**Problem to work on:** Every line in the records below between the one holding "by apply: (compact_cover_compact" and the one holding "Hypothesis lhT : local_homeomorphism T.", inclusive, is to be set down exactly; all other lines are to be left out.

(Stored data entries)
····················

(* Let $X$ be a compact metric space and $T:X\to X$ a surjective local homeomorphism such that $Sp_l(X,T)$ is finite and consists of isolated points of $X$. Then \[{\rm dad}(\mathcal{G}_{(X,T)})\le 2\,{\rm dim}_{\rm Rok}(X,T)+1.\]
   Context: $Sp_l(X,T)=\{x:|T^{-1}(\{x\})|\ge2\}$. $\mathcal{G}_{(X,T)}=\{(x,m-n,y): T^m(x)=T^n(y), m,n\in\mathbb{N}\}$ is the Deaconu–Renault groupoid (unit space $X$, $r(x,k,y)=x$, $s(x,k,y)=y$, standard étale topology). ${\rm dad}(\mathcal{G})$: least $d$ such that for every open relatively compact $K\subseteq\mathcal{G}$ there are open $U_0,\dots,U_d\subseteq\mathcal{G}^{(0)}$ covering $s(K)\cup r(K)$ with each $\{g\in K:s(g),r(g)\in U_i\}$ contained in a relatively compact subgroupoid. ${\rm dim}_{\rm Rok}(X,T)$: least $d$ such that for every $N\ge1$, $X$ is covered by the members of at most $d+1$ open $N$-Rokhlin towers, where an open $N$-Rokhlin tower is $\{U_0,\dots,U_{N-1}\}$ of nonempty open sets with $U_k=T^{-1}(U_{k-1})$ and pairwise disjoint closures. *)

From HB Require Import structures.
From mathcomp Require Import all_boot all_order all_algebra.
From mathcomp Require Import all_classical all_reals all_analysis.

Set Implicit Arguments.
Unset Strict Implicit.
Unset Printing Implicit Defensive.
Import Order.TTheory GRing.Theory Num.Theory.
Local Open Scope classical_set_scope.

Section DR.
Variable X : topologicalType.

(** Local homeomorphism: continuous, and every point has an open
    neighbourhood on which T is injective and open (hence a homeomorphism
    onto an open image). *)
Definition local_homeomorphism (T : X -> X) : Prop :=
  continuous T /\
  forall x : X, exists U : set X,
    [/\ open U, U x, {in U &, injective T} &
        forall V : set X, open V -> V `<=` U -> open (T @` V)].

Definition Sp_l (T : X -> X) : set X :=
  [set x | exists y1 y2 : X, [/\ y1 <> y2, T y1 = x & T y2 = x]].

Definition gr (g : X * int * X) : X := g.1.1.
Definition gs (g : X * int * X) : X := g.2.
Definition gdeg (g : X * int * X) : int := g.1.2.

Definition DRgroupoid (T : X -> X) : set (X * int * X) :=
  [set g | exists m n : nat,
     gdeg g = (m%:Z - n%:Z)%R /\ iter m T (gr g) = iter n T (gs g)].

Definition DRbasic (T : X -> X) (U : set X) (m n : nat) (V : set X)
  : set (X * int * X) :=
  [set g | [/\ U (gr g), V (gs g), gdeg g = (m%:Z - n%:Z)%R &
              iter m T (gr g) = iter n T (gs g)]].

Definition Gopen (T : X -> X) (A : set (X * int * X)) : Prop :=
  forall g, A g -> exists (U V : set X) (m n : nat),
    [/\ open U, open V, DRbasic T U m n V g & DRbasic T U m n V `<=` A].

Definition Gclosure (T : X -> X) (A : set (X * int * X)) : set (X * int * X) :=
  [set g | DRgroupoid T g /\
     forall B, Gopen T B -> B g -> exists h, B h /\ A h].

Definition Gcompact (T : X -> X) (C : set (X * int * X)) : Prop :=
  C `<=` DRgroupoid T /\
  forall (I : Type) (F : I -> set (X * int * X)),
    (forall i, Gopen T (F i)) -> C `<=` \bigcup_i F i ->
    exists D : set I, finite_set D /\ C `<=` \bigcup_(i in D) F i.

Definition Grelcompact (T : X -> X) (A : set (X * int * X)) : Prop :=
  Gcompact T (Gclosure T A).

Definition subgroupoid (T : X -> X) (H : set (X * int * X)) : Prop :=
  [/\ H `<=` DRgroupoid T,
      (forall x k y l z, H (x, k, y) -> H (y, l, z) -> H (x, (k + l)%R, z)) &
      (forall x k y, H (x, k, y) -> H (y, (- k)%R, x))].

Definition dad_le (T : X -> X) (d : nat) : Prop :=
  forall K : set (X * int * X), K `<=` DRgroupoid T ->
    Gopen T K -> Grelcompact T K ->
    exists U : nat -> set X,
      [/\ (forall i, (i <= d)%N -> open (U i)),
          (forall x, (gs @` K `|` gr @` K) x -> exists i, (i <= d)%N /\ U i x) &
          (forall i, (i <= d)%N -> exists H : set (X * int * X),
             [/\ subgroupoid T H, Grelcompact T H &
                 [set g | K g /\ U i (gs g) /\ U i (gr g)] `<=` H])].

Definition open_Rokhlin_tower (T : X -> X) (N : nat) (U : nat -> set X) : Prop :=
  [/\ (forall k, (k < N)%N -> open (U k) /\ U k !=set0),
      (forall k, (k.+1 < N)%N -> U k.+1 = T @^-1` (U k)) &
      (forall i j, (i < N)%N -> (j < N)%N -> i <> j ->
         closure (U i) `&` closure (U j) = set0)].

Definition dimRok_le (T : X -> X) (d : nat) : Prop :=
  forall N : nat, (1 <= N)%N ->
    exists (p : nat) (tow : nat -> nat -> set X),
      [/\ (p <= d.+1)%N,
          (forall j, (j < p)%N -> open_Rokhlin_tower T N (tow j)) &
          (forall x : X, exists j k, [/\ (j < p)%N, (k < N)%N & tow j k x])].

End DR.

From HB Require Import structures.
From mathcomp Require Import all_boot all_order all_algebra.
From mathcomp Require Import all_classical all_reals all_analysis.
From mathcomp Require Import zify finmap.
Set Implicit Arguments.
Unset Strict Implicit.
Unset Printing Implicit Defensive.
Import Order.TTheory GRing.Theory Num.Theory.
Local Open Scope classical_set_scope.

(* If K is open and relatively compact, compactness of its closure bounds the
   lags: every arrow of K is (x, a - b, y) with T^a x = T^b y and a, b <= M.
   Cover X by at most d + 1 open Rokhlin towers of height 2M + 1 and cut each
   into its lower half (levels <= M) and its upper half (levels >= M), giving
   2d + 2 open sets. An arrow of K inside an upper half moves both endpoints
   down by at most M levels, so it stays in the tower and belongs to the tower
   groupoid {(x, k - l, y) : x at level k, y at level l, T^(k+M) x = T^(l+M) y},
   whose closure is compact. Inside a lower half the same holds unless the two
   orbits are glued by T before reaching the base, which needs a point of
   Sp_l(X,T) within M steps; since T^j has finite fibres, such exceptional
   endpoints, and the arrows between them, are finitely many. *)

Lemma open_setX {X Y : topologicalType} (U : set X) (V : set Y) :
  open U -> open V -> open (U `*` V).
Proof.
move=> oU oV; rewrite openE => p [Up Vp].
by exists (U, V) => //=; split; apply: open_nbhs_nbhs.
Qed.

Lemma hausdorff_open_disjoint {X : topologicalType} (x y : X) :
  hausdorff_space X -> x <> y ->
  exists A B : set X, [/\ open A, open B, A x, B y & forall z, A z -> ~ B z].
Proof.
rewrite open_hausdorff => hX /eqP /hX [[A B]].
rewrite !in_setE /= => -[Ax By] [oA oB AB].
exists A, B; split => // z Az Bz.
by have : (A `&` B) z by []; rewrite AB.
Qed.

(* compact_cover is only available for pointed spaces; any point of Y will do. *)
Section PointedAlias.
Context {Y : topologicalType} (y0 : Y).
Let pointed_at : Type := Y.
HB.instance Definition _ := Topological.on pointed_at.
HB.instance Definition _ := isPointed.Build pointed_at y0.

Lemma compact_cover_compact (A : set Y) : compact A -> cover_compact A.
Proof. by move=> cA; have : @compact pointed_at A := cA; rewrite compact_cover. Qed.
End PointedAlias.

Lemma compact_finite_subcover {Y : topologicalType} (A : set Y) (f : Y -> set Y) :
  compact A -> (forall p, A p -> open (f p)) -> (forall p, A p -> f p p) ->
  exists S : set Y, [/\ finite_set S, S `<=` A & A `<=` \bigcup_(p in S) f p].
Proof.
move=> cA op fpp; have [[y0 _]|A0] := pselect (A !=set0); last first.
  by exists set0; split => // p Ap; exfalso; apply: A0; exists p.
have [D sDA cD] : finite_subset_cover A f A.
  by apply: (compact_cover_compact y0 cA) => // p Ap; exists p => //; apply: fpp.
exists [set` D]; split => [|p /sDA|]; [exact: finite_fset | by rewrite in_setE | exact: cD].
Qed.

Section LocalHomeomorphism.
Context {X : topologicalType} (T : X -> X).
Hypothesis lhT : local_homeomorphism T.

Lemma continuous_iter n : continuous (iter n T).
Proof.
elim: n => [|n IH] x; first exact: cvg_id.
by apply: continuous_comp; [exact: IH | exact: lhT.1].
Qed.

····················

**Output of the exercise:**
  by apply: (compact_cover_compact y0 cA) => // p Ap; exists p => //; apply: fpp.
exists [set` D]; split => [|p /sDA|]; [exact: finite_fset | by rewrite in_setE | exact: cD].
Qed.

Section LocalHomeomorphism.
Context {X : topologicalType} (T : X -> X).
Hypothesis lhT : local_homeomorphism T.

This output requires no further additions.